Refiners will produce more distillates, higher-value components derived from crude, as new demand arises. Therefore, refiners will likely have to make significant operational changes and ultimately invest billions to shift their existing product slates, increasing costs and distillate prices. IHS Markit is a global company in critical information, analytics and solutions for the major industries and markets that drive economies worldwide. The U.S. Energy Information Administration (EIA) also expressed the similar concerns last month, saying that the new regulations for changes in marine fuel sulfur limits will put upward pressure on diesel margins and crude oil prices in late 2019 and early 2020.

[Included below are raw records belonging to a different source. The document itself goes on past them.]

(* The set of regular time warps contains $\mathrm{id}$ and is closed under $\wedge$, $\vee$, $\circ$ and ${}^\star$; that is, it forms a subalgebra $\mathbf{R}$ of the time warp algebra $\mathbf{W}$.
   Context: Let $\omega^+=\omega\cup\{\omega\}$. A time warp is a map $f\colon\omega^+\to\omega^+$ preserving arbitrary joins (equivalently, order-preserving with $f(0)=0$ and $f(\omega)=\bigvee_{n\in\omega}f(n)$). $W$ is the set of time warps, ordered pointwise; $p(m)=\bigvee\{n\in\omega\mid n<m\}$; $f\backslash g$ is the largest time warp $h$ with $f\circ h\le g$. $\mathbf{W}=\langle W,\wedge,\vee,\circ,{}^\star,\mathrm{id}\rangle$ with pointwise meet/join, composition, $f^\star:=f\backslash p$, identity. A time warp $f$ is eventually constant if there is $m\in\omega$ with $f(n)=f(m)$ for all $n\in\omega$, $n\ge m$; eventually linear if there are $m\in\omega$, $k\in\mathbb{Z}$ with $f(n)=n+k$ for all $n\in\omega$, $n\ge m$; regular if it is eventually constant or eventually linear. *)

From Stdlib Require Import Arith ZArith.

(* omega^+ = omega ∪ {omega} *)
Inductive wp : Type := Fin (n : nat) | Om.

Definition wle (x y : wp) : Prop :=
  match x, y with
  | Fin m, Fin n => m <= n
  | _, Om => True
  | Om, Fin _ => False
  end.

Definition is_lub (S : wp -> Prop) (x : wp) : Prop :=
  (forall y, S y -> wle y x) /\ (forall z, (forall y, S y -> wle y z) -> wle x z).

Definition img (f : wp -> wp) (S : wp -> Prop) : wp -> Prop :=
  fun y => exists x, S x /\ y = f x.

Definition time_warp (f : wp -> wp) : Prop :=
  forall (S : wp -> Prop) (x : wp), is_lub S x -> is_lub (img f S) (f x).

Definition fle (f g : wp -> wp) : Prop := forall x, wle (f x) (g x).

Definition wmin (x y : wp) : wp :=
  match x, y with
  | Fin m, Fin n => Fin (Nat.min m n)
  | Om, y => y
  | x, Om => x
  end.
Definition wmax (x y : wp) : wp :=
  match x, y with
  | Fin m, Fin n => Fin (Nat.max m n)
  | _, _ => Om
  end.
Definition tw_meet (f g : wp -> wp) : wp -> wp := fun x => wmin (f x) (g x).
Definition tw_join (f g : wp -> wp) : wp -> wp := fun x => wmax (f x) (g x).
Definition tw_comp (f g : wp -> wp) : wp -> wp := fun x => f (g x).
Definition tw_id : wp -> wp := fun x => x.

(* p(m) = \/ {n in omega | n < m}:  p 0 = 0, p (k+1) = k, p omega = omega *)
Definition pw (x : wp) : wp :=
  match x with
  | Fin 0 => Fin 0
  | Fin (S k) => Fin k
  | Om => Om
  end.

Definition is_residual (f g h : wp -> wp) : Prop :=
  time_warp h /\ fle (tw_comp f h) g /\
  (forall h', time_warp h' -> fle (tw_comp f h') g -> fle h' h).

Definition is_star (f h : wp -> wp) : Prop := is_residual f pw h.

Definition eventually_constant (f : wp -> wp) : Prop :=
  exists m : nat, forall n : nat, m <= n -> f (Fin n) = f (Fin m).

Definition eventually_linear (f : wp -> wp) : Prop :=
  exists (m : nat) (k : Z), forall n : nat, m <= n ->
    exists j : nat, f (Fin n) = Fin j /\ Z.of_nat j = (Z.of_nat n + k)%Z.

Definition regular (f : wp -> wp) : Prop :=
  eventually_constant f \/ eventually_linear f.

Definition regular_tw (f : wp -> wp) : Prop := time_warp f /\ regular f.

(** The regular time warps are those whose values on finite arguments eventually
    follow [n ↦ c] or [n ↦ n + k]; such behaviour is preserved by pointwise
    [min]/[max] (a line eventually overtakes every constant) and by composition.
    For the star, [f^⋆ (j + 1)] is the largest [y] with [f y ≤ j]: if [f] is
    eventually [n + k] this is [j - k], and if [f] is eventually constant it
    stabilises at [ω] or at the last point where [f] is finite. *)

From Stdlib Require Import Arith ZArith Lia Classical IndefiniteDescription.

Lemma wle_refl x : wle x x.
Proof. destruct x; simpl; auto. Qed.

Lemma wle_trans x y z : wle x y -> wle y z -> wle x z.
Proof. destruct x, y, z; simpl; intros; auto; try lia; contradiction. Qed.

Lemma wle_antisym x y : wle x y -> wle y x -> x = y.
Proof. destruct x, y; simpl; intros; try (f_equal; lia); tauto. Qed.

Lemma wle_Om x : wle x Om.
Proof. destruct x; exact I. Qed.

Lemma wle_Fin0 x : wle (Fin 0) x.
Proof. destruct x; simpl; auto; lia. Qed.

Lemma wle_Fin_of_not k y : ~ wle (Fin (S k)) y -> wle y (Fin k).
Proof. destruct y; simpl; intros H; [lia | exfalso; exact (H I)]. Qed.

Lemma wmin_le_iff a b z : wle (wmin a b) z <-> wle a z \/ wle b z.
Proof. destruct a, b, z; simpl; intuition lia. Qed.

Lemma wmax_le_iff a b z : wle (wmax a b) z <-> wle a z /\ wle b z.
Proof. destruct a, b, z; simpl; intuition lia. Qed.

Lemma wmin_mono a a' b b' : wle a a' -> wle b b' -> wle (wmin a b) (wmin a' b').
Proof. destruct a, a', b, b'; simpl; intuition lia. Qed.

Lemma wmax_mono a a' b b' : wle a a' -> wle b b' -> wle (wmax a b) (wmax a' b').
Proof. destruct a, a', b, b'; simpl; intuition lia. Qed.

Lemma wmin_comm a b : wmin a b = wmin b a.
Proof. destruct a, b; simpl; auto; f_equal; lia. Qed.

Lemma wmax_comm a b : wmax a b = wmax b a.
Proof. destruct a, b; simpl; auto; f_equal; lia. Qed.

Lemma is_lub_unique S x y : is_lub S x -> is_lub S y -> x = y.
Proof. intros [ubx lx] [uby ly]; apply wle_antisym; auto. Qed.

Lemma is_lub_exists (S : wp -> Prop) : exists x, is_lub S x.
Proof.
  destruct (classic (exists b, forall y, S y -> wle y (Fin b))) as [[b Hb] | Hunb].
  - destruct (dec_inh_nat_subset_has_unique_least_element
                (fun n => forall y, S y -> wle y (Fin n)) (fun n => classic _)
                (ex_intro _ b Hb)) as [n [[Hn Hleast] _]].
    exists (Fin n); split; [exact Hn |].
    intros [m |] Hm; simpl; auto.
  - exists Om; split; [intros; apply wle_Om |].
    intros [m |] Hm; [exfalso; eauto | exact I].
Qed.

Definition wsup (S : wp -> Prop) : wp :=
  proj1_sig (constructive_indefinite_description _ (is_lub_exists S)).

Lemma wsup_lub S : is_lub S (wsup S).
Proof. exact (proj2_sig (constructive_indefinite_description _ (is_lub_exists S))). Qed.

Lemma wsup_ub S y : S y -> wle y (wsup S).
Proof. apply (wsup_lub S). Qed.

Lemma wsup_least S z : (forall y, S y -> wle y z) -> wle (wsup S) z.
Proof. apply (wsup_lub S). Qed.

Lemma wsup_mono (S T : wp -> Prop) : (forall y, S y -> T y) -> wle (wsup S) (wsup T).
Proof. intros ST; apply wsup_least; intros y Sy; apply wsup_ub, ST, Sy. Qed.

Record warp (f : wp -> wp) : Prop := {
  warp_zero : f (Fin 0) = Fin 0;
  warp_mono : forall x y, wle x y -> wle (f x) (f y);
  warp_Om : forall z, (forall n, wle (f (Fin n)) z) -> wle (f Om) z }.

Lemma time_warp_warp f : time_warp f -> warp f.
Proof.
  intros Hf; split.
  - apply (is_lub_unique (img f (fun _ => False))).
    + apply Hf; split; [intros _ [] | intros; apply wle_Fin0].
    + split; [intros y [x [[] _]] | intros; apply wle_Fin0].
  - intros x y Hxy.
    destruct (Hf (fun z => z = x \/ z = y) y) as [ub _].
    + split; [intros z [-> | ->]; auto using wle_refl | intros z Hz; auto].
    + apply ub; exists x; auto.
  - intros z Hz.
    destruct (Hf (fun y => exists n, y = Fin n) Om) as [_ least].
    + split; [intros; apply wle_Om |].
      intros [m |] Hm; [| exact I].
      specialize (Hm (Fin (S m)) (ex_intro _ _ eq_refl)); simpl in Hm; lia.
    + apply least; intros y [x [[n ->] ->]]; apply Hz.
Qed.

Lemma warp_time_warp f : warp f -> time_warp f.
Proof.
  intros [f0 fmono fOm] P x [ub least]; split.
  - intros y [x0 [Px0 ->]]; apply fmono, ub, Px0.
  - intros z Hz.
    assert (below : forall n, wle (Fin n) x -> wle (f (Fin n)) z).
    { intros [| k] Hk; [rewrite f0; apply wle_Fin0 |].
      destruct (classic (exists y, P y /\ wle (Fin (S k)) y)) as [[y [Py Hy]] | Hnone].
      - apply wle_trans with (f y); [apply fmono, Hy | apply Hz; exists y; auto].
      - exfalso.
        assert (Hx : wle x (Fin k)).
        { apply least; intros y Py; apply wle_Fin_of_not; eauto. }
        pose proof (wle_trans _ _ _ Hk Hx) as C; simpl in C; lia. }
    destruct x as [n |]; [apply below, wle_refl |].
    apply fOm; intro n; apply below, wle_Om.
Qed.

Lemma time_warpP f : time_warp f <-> warp f.
Proof. split; [apply time_warp_warp | apply warp_time_warp]. Qed.

Lemma warp_id : warp tw_id.
Proof.
  split; unfold tw_id; auto.
  intros [m |] Hz; [| exact I].
  specialize (Hz (S m)); simpl in Hz; lia.
Qed.

Lemma warp_meet f g : warp f -> warp g -> warp (tw_meet f g).
Proof.
  intros [f0 fmono fOm] [g0 gmono gOm]; unfold tw_meet; split.
  - rewrite f0, g0; reflexivity.
  - intros; apply wmin_mono; auto.
  - intros z Hz; apply wmin_le_iff.
    destruct (classic (forall n, wle (f (Fin n)) z)) as [Hf | Hf]; [left; auto | right].
    apply not_all_ex_not in Hf; destruct Hf as [n0 Hn0].
    apply gOm; intro n.
    destruct (proj1 (wmin_le_iff _ _ _) (Hz (Nat.max n n0))) as [H | H].
    + exfalso; apply Hn0.
      apply wle_trans with (f (Fin (Nat.max n n0))); [apply fmono; simpl; lia | exact H].
    + apply wle_trans with (g (Fin (Nat.max n n0))); [apply gmono; simpl; lia | exact H].
Qed.

Lemma warp_join f g : warp f -> warp g -> warp (tw_join f g).
Proof.
  intros [f0 fmono fOm] [g0 gmono gOm]; unfold tw_join; split.
  - rewrite f0, g0; reflexivity.
  - intros; apply wmax_mono; auto.
  - intros z Hz; apply wmax_le_iff.
    split; [apply fOm | apply gOm]; intro n; apply (proj1 (wmax_le_iff _ _ _) (Hz n)).
Qed.

Lemma warp_Om_attained g m :
  warp g -> wle (Fin m) (g Om) -> exists n, wle (Fin m) (g (Fin n)).
Proof.
  intros Hg Hm; apply NNPP; intro Hnone.
  destruct m as [| k]; [apply Hnone; exists 0; apply wle_Fin0 |].
  assert (HOm : wle (g Om) (Fin k)).
  { apply (warp_Om g Hg); intro n; apply wle_Fin_of_not; eauto. }
  pose proof (wle_trans _ _ _ Hm HOm) as C; simpl in C; lia.
Qed.

Lemma warp_comp f g : warp f -> warp g -> warp (tw_comp f g).
Proof.
  intros Hf Hg; unfold tw_comp; split.
  - rewrite (warp_zero g Hg); apply (warp_zero f Hf).
  - intros; apply (warp_mono f Hf), (warp_mono g Hg); assumption.
  - intros z Hz.
    assert (below : forall m, wle (Fin m) (g Om) -> wle (f (Fin m)) z).
    { intros m Hm; destruct (warp_Om_attained g m Hg Hm) as [n Hn].
      apply wle_trans with (f (g (Fin n))); [apply (warp_mono f Hf), Hn | apply Hz]. }
    destruct (g Om) as [m |].
    + apply below, wle_refl.
    + apply (warp_Om f Hf); intro m; apply below; exact I.
Qed.

Definition eventually (P : nat -> Prop) : Prop := exists m, forall n, m <= n -> P n.

Lemma eventually_and P Q :
  eventually P -> eventually Q -> eventually (fun n => P n /\ Q n).
Proof. intros [m HP] [m' HQ]; exists (m + m'); split; [apply HP | apply HQ]; lia. Qed.

Lemma eventually_mono (P Q : nat -> Prop) :
  (forall n, P n -> Q n) -> eventually P -> eventually Q.
Proof. intros PQ [m HP]; exists m; auto. Qed.

Lemma eventually_succ P : eventually (fun n => P (S n)) -> eventually P.
Proof. intros [m HP]; exists (S m); intros [| n] Hn; [lia | apply HP; lia]. Qed.

Definition offset (k : Z) (n : nat) (x : wp) : Prop :=
  exists j, x = Fin j /\ Z.of_nat j = (Z.of_nat n + k)%Z.

Lemma eventually_offset k P :
  eventually P -> eventually (fun n => forall j, Z.of_nat j = (Z.of_nat n + k)%Z -> P j).
Proof. intros [m HP]; exists (m + Z.to_nat (- k)); intros n Hn j Hj; apply HP; lia. Qed.

Lemma regularE f :
  regular f <-> (exists c, eventually (fun n => f (Fin n) = c)) \/
                (exists k, eventually (fun n => offset k n (f (Fin n)))).
Proof.
  unfold regular, eventually_constant, eventually_linear, eventually, offset; split.
  - intros [[m H] | [m [k H]]]; [left; exists (f (Fin m)) | right; exists k]; eauto.
  - intros [[c [m H]] | [k [m H]]]; [left | right; eauto].
    exists m; intros n Hn; rewrite !H; auto.
Qed.

Lemma regular_ext f g : (forall x, f x = g x) -> regular f -> regular g.
Proof.
  intros E; rewrite !regularE; intros [[c Hc] | [k Hk]]; [left; exists c | right; exists k];
    revert Hc || revert Hk; apply eventually_mono; intro n; rewrite E; auto.
Qed.

Lemma regular_id : regular tw_id.
Proof. apply regularE; right; exists 0%Z, 0; intros n _; exists n; split; [reflexivity | lia]. Qed.

Lemma regular_meet_join_const_offset f g c k :
  eventually (fun n => f (Fin n) = c) -> eventually (fun n => offset k n (g (Fin n))) ->
  regular (tw_meet f g) /\ regular (tw_join f g).
Proof.
  intros Hf Hg; unfold tw_meet, tw_join; rewrite !regularE.
  assert (Hfg := eventually_and _ _ Hf Hg).
  destruct c as [a |].
  - assert (Ha : eventually (fun n => forall j, Z.of_nat j = (Z.of_nat n + k)%Z -> a <= j)).
    { apply (eventually_offset k (fun j => a <= j)); exists a; auto. }
    assert (Hfga := eventually_and _ _ Hfg Ha).
    split; [left; exists (Fin a) | right; exists k]; revert Hfga; apply eventually_mono;
      intros n [[-> [j [-> Zj]]] Haj]; specialize (Haj j Zj); simpl.
    + f_equal; lia.
    + exists j; split; [f_equal; lia | exact Zj].
  - split; [right; exists k | left; exists Om]; revert Hfg; apply eventually_mono;
      intros n [-> Hgn]; [exact Hgn | reflexivity].
Qed.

The administration forecast that one of the most significant impacts from the regulations will be on diesel wholesale margins, which will increase from an average of 0.43 U.S. dollar per gallon (about 3.8 litters) in 2018 to 0.48 dollar per gallon in 2019 and then to 0.65 dollar per gallon in 2020. The EIA also expected that starting in the fourth quarter of 2019, the regulations will drive global refiners to increase refinery runs and maximize upgrading of high-sulfur heavy fuel oil into low-sulfur distillate fuel. Total U.S. refinery runs are expected to increase by 4 percent from 2019 to reach a record level of 17.9 million barrels per day on average in 2020.